Tuesday 28 December 2010

A Good Christmas

So - how was it for you? Me, I was in an even deeper stupor than usual at this festive time of year, thanks to one of those low-level but very draining cough/cold bugs, on top of all the food and fatigue and jollity and overheated sitting around (yes, the boiler was finally fixed on Christmas Eve). But that's enough of the downside; what singled this Christmas out from all others and will make it live in my memory is that I was given an object of heart-stopping beauty (as well as undoubted utility)- a MacBook! Dear lord, are MacBooks really made by the hand of man? It was the last thing I expected, and even while it was in my hands and I was feeling its satisfying heft and turning it over to view its elegant beauty from all angles, I still couldn't believe that it was an actual MacBook - and mine! No more will I have to spend time wrestling with a clunky and failure-prone PC, where every operation seems to have been made as difficult and complicated as it can be - now I am sailing the smooth still waters of Macworld, where all is reduced to primal simplicity, everything flows, everything makes sense... Admittedly I'm not there yet, as I'm still exploring the MacBook's wonders, and getting used to working with a touchpad instead of a mouse, but that won't take long.
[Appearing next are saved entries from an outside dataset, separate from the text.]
(* Let $n,N\ge1$ and positive integers $r_1,\dots,r_N,r$ with $r_i\le r\le\lfloor(n-1)/2\rfloor$; let $f:\mathbb{R}^{Nn}\to\mathbb{R}$ be nonnegative, level-bounded and continuously differentiable with Lipschitz gradient; let $(k,\mathcal{A}_i,\Omega,C_i)$ be given by one of Variants I, II, III in the context, and for $\lambda>0$ let $$F_\lambda(y)=f(y)+\delta_\Omega(y)+\sum_{i=1}^k\frac1{2\lambda}\mathrm{dist}^2(\mathcal{A}_i(y),C_i).$$ Consider the penalty method: pick positive sequences $\epsilon_t\downarrow0$ and $\lambda_t\downarrow0$, a number $\bar\lambda\ge0$, a point $y^{\rm feas}\in\Omega$ with $\mathcal{A}_i(y^{\rm feas})\in C_i$ for all $i$, and $y^0\in\Omega$. For $t=0,1,\dots$: set $y^{t,0}=y^t$ if $F_{\lambda_t}(y^t)\le F_{\lambda_t}(y^{\rm feas})$ and $y^{t,0}=y^{\rm feas}$ otherwise; run the vNPG$_{\rm major}$ algorithm (described in the context) for $F_{\lambda_t}$ from $y^{t,0}$ and stop at an iterate $y^{t,l_t}$ satisfying $$\|y^{t,l_t+1}-y^{t,l_t}\|\le\epsilon_t,\quad F_{\lambda_t}(y^{t,l_t})\le F_{\lambda_t}(y^{t,0}),$$ $$\mathrm{dist}\Big(0,\nabla f(y^{t,l_t})+N_\Omega(y^{t,l_t+1})+\sum_{i=1}^k\frac1{\lambda_t}\mathcal{A}_i^*\big(\mathcal{A}_i(y^{t,l_t})-\mathcal{P}_{C_i}(\mathcal{A}_i(y^{t,l_t}))\big)\Big)\le\epsilon_t;$$ set $y^{t+1}=y^{t,l_t}$; if $\lambda_{t+1}<\bar\lambda$ and $\bar\lambda>0$, stop. Then for every $t\ge1$ for which $y^t$ is generated and every $i=1,\dots,k$, $$\mathrm{dist}(\mathcal{A}_i(y^t),C_i)\le\sqrt{2\lambda_{t-1}f(y^{\rm feas})}.$$
   Context: For $x\in\mathbb{R}^n$ and $1\le l\le n$, $\mathcal{H}_l(x)\in\mathbb{R}^{l\times(n-l+1)}$ has $(i,j)$ entry $x(i+j-1)$. For $y=(y_1^\top,\dots,y_N^\top)^\top$, $\mathcal{L}_i(y)=\mathcal{H}_{r_i+1}(y_i)$ and $\mathcal{L}(y)=[\mathcal{H}_{r+1}(y_1)\cdots\mathcal{H}_{r+1}(y_N)]$. Variant I: $k=1$, $\mathcal{A}_1=\mathcal{L}$, $\Omega=\{y:\mathrm{rank}\,\mathcal{L}_i(y)\le r_i\ \forall i\}$, $C_1=\{Y:\mathrm{rank}\,Y\le r\}$. Variant II: $k=N$, $\mathcal{A}_i=\mathcal{L}_i$, $\Omega=\{y:\mathrm{rank}\,\mathcal{L}(y)\le r\}$, $C_i=\{Y:\mathrm{rank}\,Y\le r_i\}$. Variant III: $k=N+1$, $\mathcal{A}_i=\mathcal{L}_i$ ($i\le N$), $\mathcal{A}_{N+1}=\mathcal{L}$, $\Omega=\mathbb{R}^{Nn}$, $C_i=\{Y:\mathrm{rank}\,Y\le r_i\}$ ($i\le N$), $C_{N+1}=\{Y:\mathrm{rank}\,Y\le r\}$. Matrix distances/projections use the Frobenius norm; $N_\Omega$ is the limiting normal cone; $\delta_\Omega$ the indicator function. Pseudo-projection $\mathcal{P}^s_\Omega(x;u)$ ($u\in\Omega$): all $y\in\Omega$ with $x-y\in N_\Omega(y)$ and $\|y-x\|\le\|u-x\|$. vNPG$_{\rm major}$ for $F_\lambda$ from a starting point $y^0\in\Omega$, with $h(y)=f(y)+\sum_i\frac1{2\lambda}\|\mathcal{A}_i(y)\|_F^2$ and parameters $L_{\max}>L_{\min}>0$, $\tau>1$, $c>0$, integer $M\ge0$: at iteration $l$ pick $\xi^l\in\sum_i\frac1\lambda\mathcal{A}_i^*(\mathcal{P}_{C_i}(\mathcal{A}_i(y^l)))$, $L_l^0\in[L_{\min},L_{\max}]$, and for $i=0,1,\dots$ take $u_i^l\in\mathcal{P}^s_\Omega(y^l-\frac1{L_l^0\tau^i}(\nabla h(y^l)-\xi^l);y^l)$ until $F_\lambda(u_i^l)\le\max_{[l-M]_+\le j\le l}F_\lambda(y^j)-\frac c2\|u_i^l-y^l\|^2$; then $y^{l+1}=u_i^l$. *)

From HB Require Import structures.
From mathcomp Require Import all_boot all_order all_algebra.
From mathcomp Require Import all_classical all_reals all_analysis.
From Stdlib Require List.
Set Implicit Arguments. Unset Strict Implicit. Unset Printing Implicit Defensive.
Import Order.TTheory GRing.Theory Num.Theory.
Local Open Scope classical_set_scope.
Local Open Scope ring_scope.

Section Defs.
Variable R : realType.

Definition finner (p q : nat) (A B : 'M[R]_(p, q)) : R :=
  \sum_(i < p) \sum_(j < q) A i j * B i j.
Definition normF (p q : nat) (A : 'M[R]_(p, q)) : R := Num.sqrt (finner A A).

(* extended-valued distance (dist(x, empty) = +oo) and real distance *)
Definition edist (p q : nat) (X : 'M[R]_(p, q)) (S : set 'M[R]_(p, q)) : \bar R :=
  ereal_inf [set (normF (X - Y))%:E | Y in S].
Definition dist (p q : nat) (X : 'M[R]_(p, q)) (S : set 'M[R]_(p, q)) : R :=
  fine (edist X S).

Definition rankset (p q s : nat) : set 'M[R]_(p, q) := [set Y | (\rank Y <= s)%N].

Definition projset (p q : nat) (S : set 'M[R]_(p, q)) (X : 'M[R]_(p, q)) :
  set 'M[R]_(p, q) := [set Y | S Y /\ normF (X - Y) = dist X S].

(* Hankel matrix H_l(x) in R^{l x (n-l+1)}, (i,j) entry x(i+j-1) (1-based) *)
Definition xat (n : nat) (x : 'rV[R]_n) (k : nat) : R :=
  if @insub nat (fun k => k < n)%N 'I_n k is Some kk then x 0 kk else 0.
Definition hankel (n l : nat) (x : 'rV[R]_n) : 'M[R]_(l, n - l + 1) :=
  \matrix_(i < l, j < n - l + 1) xat x (i + j).

(* points y = (y_1;...;y_N) of R^{Nn} are stored as N x n matrices, y_i = row i y *)
Definition Lblk (N n : nat) (rr : 'I_N -> nat) (i : 'I_N) (y : 'M[R]_(N, n)) :=
  hankel (rr i).+1 (row i y).
Definition Lbig (N n r : nat) (y : 'M[R]_(N, n)) :=
  \mxrow_(j < N) hankel r.+1 (row j y).

(* adjoint (w.r.t. Frobenius inner products) of a linear map, in coordinates *)
Definition adj (N n p q : nat) (A : 'M[R]_(N, n) -> 'M[R]_(p, q)) (Z : 'M[R]_(p, q))
  : 'M[R]_(N, n) := \matrix_(a < N, b < n) finner Z (A (delta_mx a b)).

(* a constraint: linear map A_i into p x q matrices and C_i = {rank <= s} *)
Record constr (N n : nat) := Constr {
  cp : nat; cq : nat; cA : 'M[R]_(N, n) -> 'M[R]_(cp, cq); cs : nat }.
Arguments cA {N n} c _.
Arguments cp {N n} c.
Arguments cq {N n} c.
Arguments cs {N n} c.

Inductive variant := VariantI | VariantII | VariantIII.

Definition vOmega (N n : nat) (rr : 'I_N -> nat) (r : nat) (v : variant)
  : set 'M[R]_(N, n) :=
  match v with
  | VariantI => [set y | forall i, (\rank (Lblk rr i y) <= rr i)%N]
  | VariantII => [set y | (\rank (Lbig r y) <= r)%N]
  | VariantIII => setT
  end.

Definition blk_constrs (N n : nat) (rr : 'I_N -> nat) : seq (constr N n) :=
  [seq @Constr N n _ _ (Lblk rr i) (rr i) | i <- enum 'I_N].

Definition vconstrs (N n : nat) (rr : 'I_N -> nat) (r : nat) (v : variant)
  : seq (constr N n) :=
  match v with
  | VariantI => [:: @Constr N n _ _ (@Lbig N n r) r]
  | VariantII => blk_constrs n rr
  | VariantIII => rcons (blk_constrs n rr) (@Constr N n _ _ (@Lbig N n r) r)
  end.

Definition Cset (N n : nat) (c : constr N n) : set 'M[R]_(cp c, cq c) :=
  @rankset (cp c) (cq c) (cs c).
Arguments Cset {N n} c.

Definition Flam (N n : nat) (f : 'M[R]_(N, n) -> R) (Om : set 'M[R]_(N, n))
  (cs : seq (constr N n)) (lam : R) (y : 'M[R]_(N, n)) : \bar R :=
  if `[< Om y >] then
    (f y + \sum_(c <- cs) (2 * lam)^-1 * (dist (cA c y) (Cset c)) ^+ 2)%:E
  else +oo%E.

Definition is_gradient (N n : nat) (f : 'M[R]_(N, n) -> R) (g : 'M[R]_(N, n) -> 'M[R]_(N, n)) :=
  forall y e, 0 < e -> exists2 d, 0 < d & forall h, normF h < d ->
    `|f (y + h) - f y - finner (g y) h| <= e * normF h.

Definition lipschitz_map (N n : nat) (g : 'M[R]_(N, n) -> 'M[R]_(N, n)) :=
  exists Lg : R, 0 <= Lg /\ forall y z, normF (g y - g z) <= Lg * normF (y - z).

Definition level_bounded (N n : nat) (f : 'M[R]_(N, n) -> R) :=
  forall a : R, exists Mb : R, forall y, f y <= a -> normF y <= Mb.

Definition seq_cvgF (N n : nat) (u : nat -> 'M[R]_(N, n)) (x : 'M[R]_(N, n)) :=
  forall e, 0 < e -> exists K, forall k, (K <= k)%N -> normF (u k - x) < e.

Definition frechet_normal (N n : nat) (Om : set 'M[R]_(N, n)) (y : 'M[R]_(N, n))
  : set 'M[R]_(N, n) :=
  [set v | Om y /\ forall e, 0 < e -> exists2 d, 0 < d & forall z, Om z ->
      normF (z - y) < d -> finner v (z - y) <= e * normF (z - y)].

Definition limiting_normal (N n : nat) (Om : set 'M[R]_(N, n)) (y : 'M[R]_(N, n))
  : set 'M[R]_(N, n) :=
  [set v | Om y /\ exists (ys vs : nat -> 'M[R]_(N, n)),
      (forall k, Om (ys k)) /\ seq_cvgF ys y /\ seq_cvgF vs v /\
      (forall k, frechet_normal Om (ys k) (vs k))].

Definition pseudoproj (N n : nat) (Om : set 'M[R]_(N, n)) (x u : 'M[R]_(N, n))
  : set 'M[R]_(N, n) :=
  [set w | Om w /\ limiting_normal Om w (x - w) /\ normF (w - x) <= normF (u - x)].

Definition gradh (N n : nat) (gf : 'M[R]_(N, n) -> 'M[R]_(N, n))
  (cs : seq (constr N n)) (lam : R) (y : 'M[R]_(N, n)) : 'M[R]_(N, n) :=
  gf y + \sum_(c <- cs) lam^-1 *: adj (cA c) (cA c y).

Fixpoint xiset (N n : nat) (cs : seq (constr N n)) (lam : R) (y : 'M[R]_(N, n))
  : set 'M[R]_(N, n) :=
  match cs with
  | [::] => [set 0]
  | c :: cs' => [set v | exists Z, projset (Cset c) (cA c y) Z /\
                  exists w, xiset cs' lam y w /\ v = lam^-1 *: adj (cA c) Z + w]
  end.

Fixpoint resset (N n : nat) (cs : seq (constr N n)) (lam : R) (y : 'M[R]_(N, n))
  : set 'M[R]_(N, n) :=
  match cs with
  | [::] => [set 0]
  | c :: cs' => [set v | exists Z, projset (Cset c) (cA c y) Z /\
                  exists w, resset cs' lam y w /\
                  v = lam^-1 *: adj (cA c) (cA c y - Z) + w]
  end.

Definition vnpg_step (N n : nat) (f : 'M[R]_(N, n) -> R) (gf : 'M[R]_(N, n) -> 'M[R]_(N, n))
  (Om : set 'M[R]_(N, n)) (cs : seq (constr N n)) (lam Lmin Lmax tau c : R) (M : nat)
  (z : nat -> 'M[R]_(N, n)) (l : nat) : Prop :=
  let F := Flam f Om cs lam in
  let accept (u : 'M[R]_(N, n)) :=
    (F u <= \big[Order.max/-oo%E]_((l - M)%N <= j < l.+1) F (z j)
            - ((c / 2) * normF (u - z l) ^+ 2)%:E)%E in
  exists xi, xiset cs lam (z l) xi /\
  exists L0, Lmin <= L0 <= Lmax /\
  exists (m : nat) (u : nat -> 'M[R]_(N, n)),
    (forall i, (i <= m)%N ->
       pseudoproj Om (z l - (L0 * tau ^+ i)^-1 *: (gradh gf cs lam (z l) - xi)) (z l) (u i)) /\
    (forall i, (i < m)%N -> ~ accept (u i)) /\ accept (u m) /\ z l.+1 = u m.

Definition stop_crit (N n : nat) (f : 'M[R]_(N, n) -> R) (gf : 'M[R]_(N, n) -> 'M[R]_(N, n))
  (Om : set 'M[R]_(N, n)) (cs : seq (constr N n)) (lam eps : R)
  (z : nat -> 'M[R]_(N, n)) (l : nat) : Prop :=
  let F := Flam f Om cs lam in
  normF (z l.+1 - z l) <= eps /\ (F (z l) <= F (z 0%N))%E /\
  let S := [set x | exists v, limiting_normal Om (z l.+1) v /\
                     exists w, resset cs lam (z l) w /\ x = (gf (z l) + v + w)%R] in
  (edist 0 S <= eps%:E)%E.

Definition penalty_iter (N n : nat) (f : 'M[R]_(N, n) -> R) (gf : 'M[R]_(N, n) -> 'M[R]_(N, n))
  (Om : set 'M[R]_(N, n)) (cs : seq (constr N n)) (lam eps Lmin Lmax tau c : R) (M : nat)
  (yfeas yt ynext : 'M[R]_(N, n)) (z : nat -> 'M[R]_(N, n)) (lt : nat) : Prop :=
  let F := Flam f Om cs lam in
  z 0%N = (if (F yt <= F yfeas)%E then yt else yfeas) /\
  (forall l, (l <= lt)%N -> vnpg_step f gf Om cs lam Lmin Lmax tau c M z l) /\
  stop_crit f gf Om cs lam eps z lt /\
  (forall l, (l < lt)%N -> ~ stop_crit f gf Om cs lam eps z l) /\
  ynext = z lt.

(* outer iteration t is executed (no stop triggered after iterations 0..t-1) *)
Definition runs (lam : nat -> R) (lambar : R) (t : nat) : Prop :=
  forall s, (s < t)%N -> ~ (lam s.+1 < lambar /\ 0 < lambar).

End Defs.

Arguments cA {R N n} c _.
Arguments cp {R N n} c.
Arguments cq {R N n} c.
Arguments cs {R N n} c.
Arguments Cset {R N n} c.
Arguments blk_constrs {R N n} rr.
Arguments vconstrs {R N n} rr r v.

From Pilot Require Import Defs.
From HB Require Import structures.
From mathcomp Require Import all_boot all_order all_algebra.
From mathcomp Require Import all_classical all_reals all_analysis.
From Stdlib Require List.
Import Order.TTheory GRing.Theory Num.Theory numFieldNormedType.Exports.
Set Implicit Arguments. Unset Strict Implicit.
Local Open Scope classical_set_scope.
Local Open Scope ring_scope.

(* The warm start gives F_lam(y^{t,0}) <= F_lam(y^feas) and the stopping rule
   gives F_lam(y^{t+1}) <= F_lam(y^{t,0}).  Since y^feas is feasible,
   F_lam(y^feas) = f(y^feas), and since f >= 0 every single penalty term
   dist^2(A_i y^{t+1}, C_i) / (2 lam) is at most f(y^feas).  Nothing else about
   the inner solver (step sizes, line search, stationarity) is needed. *)

Lemma sum_In_ge (R : numDomainType) (T : Type) (F : T -> R) (s : seq T) (x : T) :
  (forall y, 0 <= F y) -> List.In x s -> F x <= \sum_(y <- s) F y.
Proof.
move=> F_ge0; elim: s => //= a s IHs [->|xs]; rewrite big_cons.
  by rewrite lerDl sumr_ge0.
by rewrite (le_trans (IHs xs)) // lerDr.
Qed.

Lemma big1_In (R : nmodType) (T : Type) (F : T -> R) (s : seq T) :
  (forall x, List.In x s -> F x = 0) -> \sum_(y <- s) F y = 0.
Proof.
elim: s => [|a s IHs] F0; first by rewrite big_nil.
by rewrite big_cons F0 /= ?IHs ?add0r //; [move=> x xs; apply: F0; right | left].
Qed.

Section Distance.
Variables (R : realType) (p q : nat).
Implicit Types (X : 'M[R]_(p, q)) (S : set 'M[R]_(p, q)).

Lemma normF0 : normF (0 : 'M[R]_(p, q)) = 0.
Proof.
rewrite /normF /finner big1 ?sqrtr0 // => i _; rewrite big1 // => j _.
by rewrite mxE mulr0.
Qed.

Lemma edist_ge0 X S : (0 <= Defs.edist X S)%E.
Proof. by apply/ereal_infP => _ [Y _ <-]; rewrite lee_fin sqrtr_ge0. Qed.

Lemma dist_ge0 X S : 0 <= dist X S.
Proof. exact/fine_ge0/edist_ge0. Qed.

Lemma dist_in_eq0 X S : S X -> dist X S = 0.
Proof.
move=> SX; rewrite /dist (_ : Defs.edist X S = 0%E) //.
apply/eqP; rewrite eq_le edist_ge0 andbT.
by apply: ge_ereal_inf; exists 0%E => //; exists X; rewrite ?subrr ?normF0.
Qed.

End Distance.

Section PenaltyFunction.
Variables (R : realType) (N n : nat) (f : 'M[R]_(N, n) -> R).
Variables (Om : set 'M[R]_(N, n)) (cs : seq (constr R N n)) (lam : R).
Hypothesis f_ge0 : forall y, 0 <= f y.
Hypothesis lam_gt0 : 0 < lam.

Lemma Flam_feasible y :
  Om y -> (forall c, List.In c cs -> Cset c (cA c y)) ->
  Flam f Om cs lam y = (f y)%:E.
Proof.
move=> Omy yC; rewrite /Flam asboolT // big1_In ?addr0 // => c0 c0cs.
by rewrite dist_in_eq0 ?expr0n ?mulr0 //; apply: yC.
Qed.

Lemma dist_le_Flam y a c :
  (Flam f Om cs lam y <= a%:E)%E -> List.In c cs ->
  dist (cA c y) (Cset c) <= Num.sqrt (2 * lam * a).
Proof.
rewrite /Flam; case: asboolP => // _; rewrite lee_fin => Fya ccs.
set d := dist _ _.
have term_le : (2 * lam)^-1 * d ^+ 2 <= a.
  apply: le_trans Fya; rewrite -[leLHS]add0r lerD ?f_ge0 //.
  apply: (@sum_In_ge _ _ (fun c0 => (2 * lam)^-1 * dist (cA c0 y) (Cset c0) ^+ 2)) => //.
  by move=> c0; rewrite mulr_ge0 ?sqr_ge0 // invr_ge0 mulr_ge0 // ltW.
have d2_le : d ^+ 2 <= 2 * lam * a by rewrite -ler_pdivrMl ?mulr_gt0.
have d_ge0 : 0 <= d by exact: dist_ge0.
by rewrite -(ger0_norm d_ge0) -sqrtr_sqr ler_wsqrtr.
Qed.

Lemma penalty_iter_Flam_le gf eps Lmin Lmax tau c M yfeas yt ynext z lt :
  penalty_iter f gf Om cs lam eps Lmin Lmax tau c M yfeas yt ynext z lt ->
  (Flam f Om cs lam ynext <= Flam f Om cs lam yfeas)%E.
Proof.
move=> [z0 [_ [[_ [Fz_le _]] [_ ->]]]].
apply: le_trans Fz_le _; rewrite z0.
by case: ifP.
Qed.

End PenaltyFunction.

Theorem theorem3p2 (R : realType) (n N : nat) (rr : 'I_N -> nat) (r : nat)
  (hn : (1 <= n)%N) (hN : (1 <= N)%N)
  (hrr : forall i, (0 < rr i)%N /\ (rr i <= r)%N)
  (hr : (r <= (n - 1) %/ 2)%N)
  (f : 'M[R]_(N, n) -> R) (gf : 'M[R]_(N, n) -> 'M[R]_(N, n))
  (hf0 : forall y, 0 <= f y) (hflev : level_bounded f)
  (hgrad : is_gradient f gf) (hlip : lipschitz_map gf)
  (v : variant)
  (eps lam : nat -> R)
  (heps : forall t, 0 < eps t) (heps_dec : forall t, eps t.+1 <= eps t)
  (heps0 : eps @ \oo --> 0)
  (hlam : forall t, 0 < lam t) (hlam_dec : forall t, lam t.+1 <= lam t)
  (hlam0 : lam @ \oo --> 0)
  (lambar : R) (hlambar : 0 <= lambar)
  (yfeas : 'M[R]_(N, n))
  (hfeasO : vOmega rr r v yfeas)
  (hfeasC : forall c, List.In c (vconstrs rr r v) -> Cset c (cA c yfeas))
  (Lmin Lmax tau c : R) (M : nat)
  (hL : 0 < Lmin /\ Lmin < Lmax) (htau : 1 < tau) (hc : 0 < c)
  (y : nat -> 'M[R]_(N, n)) (hy0 : vOmega rr r v (y 0%N))
  (z : nat -> nat -> 'M[R]_(N, n)) (lt : nat -> nat)
  (hiter : forall t, runs lam lambar t ->
     penalty_iter f gf (vOmega rr r v) (vconstrs rr r v) (lam t) (eps t)
       Lmin Lmax tau c M yfeas (y t) (y t.+1) (z t) (lt t)) :
  forall t, runs lam lambar t ->
  forall cn, List.In cn (vconstrs rr r v) ->
    dist (cA cn (y t.+1)) (Cset cn) <= Num.sqrt (2 * lam t * f yfeas).
Proof.
move=> t t_runs cn cn_in.
have F_le := penalty_iter_Flam_le (hiter t t_runs).
rewrite (Flam_feasible f (lam t) hfeasO hfeasC) in F_le.
exact: (dist_le_Flam hf0 (hlam t) F_le cn_in).
Qed.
And even when I'm not using it, I can simply sit and worship, admiring the sleek beauty of this amazing thing.
What's more, I was also given several very fine shirts, a bottle of superb champagne cognac, Patrick Barkham's The Butterfly Isles (a lovely book that I'd been on the point of buying for myself), a block of 100percent cocoa solids chocolate (Criollo beans, what's more) - and a quite magnificent vintage cravat by Tootal of New Zealand, which I have worn all Christmas and am wearing now. Bug or no bug, it doesn't get much better than this - sitting here in a splendid new shirt and glorious cravat, at my own stupendous MacBook. Yes, a good Christmas...

10 comments:

  1. And so you are obnoxiously happy :-)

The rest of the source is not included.